Editorial: Temporary Foreign Worker Program is a necessary evil

The federal Temporary Foreign Worker Program has become a necessary evil, fraught with so many troubling issues that we must hold our nose while applauding changes announced to it this week by Human Resources and Skills Development Minister Diane Finley. Effective immediately, companies with an unblemished two-year history of hiring temporary workers can get expedited government approval — a so-called Labour Market Opinion (LMO) — within 10 business days.

The Alberta government welcomed the changes, with reservations. “The Temporary Foreign Worker Program is not the be-all and end-all. It is a way to get workers when we need them,” said Alberta Human Services Minister Dave Hancock. But the real key, he said, is residency. “The permanence is an important factor . . . . Ideally, you want somebody who will actually come to stay.”

Unlike the Temporary Foreign Worker Program, which limits a workers’ stay to four years, the Alberta government would rather see changes to the Alberta Immigrant Nominee Program (AINP), which allows individuals, along with their spouse or common-law partner and dependent children, to apply for a permanent resident visa through Citizenship and Immigration Canada, a federal department. It is a more human approach. Under AINP, the province is allowed to nominate 5,000 such workers. It wants to see that cap either doubled or removed entirely. Ottawa is the final arbiter on all applications.

Until the AINP is expanded, the Temporary Foreign Worker Program (TFWP) remains the less desirable option to combat labour shortages. Alberta has long complained that the four-year cap on how long a temporary worker can stay in this country penalizes Canadian companies. After providing skills training, and often helping them with language fluency, companies are then forced to essentially kick these employees out of the country, thus enabling other nations to benefit from the training we provide.

Alberta Liberal Leader Raj Sherman, who comes from an immigrant family, also argues that the TFWP can be cruel. Although spouses and dependants can come under the TFWP, they are often left behind because of the uncertainty of the labour situation. Sherman says money is often sent back home to support families left behind, meaning that it leaves the Canadian economy.

The new TFWP also allows companies to pay workers 15 per cent below the average wage for a job in a specific region, as long as the wages are consistent with Canadian workers, based on Statistics Canada figures.

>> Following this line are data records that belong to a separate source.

(* Let $G=(V,E)$ be a finite simple graph which is $S_{1,1,5}$-free, $K_4$-free, diamond-free and butterfly-free. Let $xy\in E$ and let $r$ be a vertex with $rx\in E$ and $ry\notin E$. For $i\ge 1$ let $N_i=\{z\in V:\operatorname{dist}_G(z,\{x,y\})=i\}$. Assume $N_2$ is an independent set and every vertex of $N_3$ has exactly one neighbor in $N_2$. If $|N_2|\ge 5$ and $N_5\ne\emptyset$, then $G[N_5]$ contains neither an induced path on three vertices nor a triangle.
   Context: $S_{1,1,5}$ is the tree with a center $u$ adjacent to $a$, $b$ and $z_1$, where $u,z_1,\dots,z_5$ is an induced path, and no other edges. A diamond is $K_4$ minus one edge; a butterfly consists of two disjoint edges (inducing $2K_2$) together with a vertex adjacent to all four of their endpoints. $\operatorname{dist}_G(z,\{x,y\})$ is the minimum of the distances from $z$ to $x$ and to $y$. *)

From mathcomp Require Import all_boot.
Set Implicit Arguments. Unset Strict Implicit. Unset Printing Implicit Defensive.

(* A finite simple graph: vertex type T : finType, adjacency e : rel T,
   required symmetric and irreflexive in the theorem. *)

Definition has_induced (T : finType) (e : rel T) (n : nat) (h : rel 'I_n) : Prop :=
  exists f : 'I_n -> T, injective f /\
    forall i j : 'I_n, i != j -> e (f i) (f j) = h i j.

Definition induced_free (T : finType) (e : rel T) (n : nat) (h : rel 'I_n) : Prop :=
  ~ has_induced e h.

Definition graph_of {n : nat} (E : seq (nat * nat)) : rel 'I_n :=
  fun i j => ((nat_of_ord i, nat_of_ord j) \in E) || ((nat_of_ord j, nat_of_ord i) \in E).

(* S_{1,1,5}: 0 = u, 1 = a, 2 = b, 3..7 = z1..z5 *)
Definition S115 : rel 'I_8 :=
  graph_of [:: (0,1); (0,2); (0,3); (3,4); (4,5); (5,6); (6,7)].
Definition K4 : rel 'I_4 := graph_of [:: (0,1); (0,2); (0,3); (1,2); (1,3); (2,3)].
Definition diamond : rel 'I_4 := graph_of [:: (0,1); (0,2); (0,3); (1,2); (1,3)].
Definition butterfly : rel 'I_5 :=
  graph_of [:: (0,1); (0,2); (0,3); (0,4); (1,2); (3,4)].

Definition dist_le (T : finType) (e : rel T) (S : {set T}) (z : T) (k : nat) : bool :=
  [exists j : 'I_k.+1, exists p : j.-tuple T, path e z p && (last z p \in S)].

Definition Nlayer (T : finType) (e : rel T) (x y : T) (i : nat) : {set T} :=
  [set z | dist_le e [set x; y] z i && ~~ dist_le e [set x; y] z i.-1].

From mathcomp Require Import all_boot.
Set Implicit Arguments. Unset Strict Implicit. Unset Printing Implicit Defensive.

That, too, is problematic. As Nancy Furlong, secretary-treasurer of the Alberta Federation of Labour notes, it could discourage Canadians from other provinces coming to a more expensive place like Alberta.

“They’re trying to drive down salaries and wages and frankly I don’t think that’s the job of our government to take one side, that being business, and find them ways of making money off the backs of citizens of the country by allowing them to drive wages down.”

It’s past time to address the flaws in this useful program that helps bring in the kind of workers we need, only to kick them out once they’ve settled in.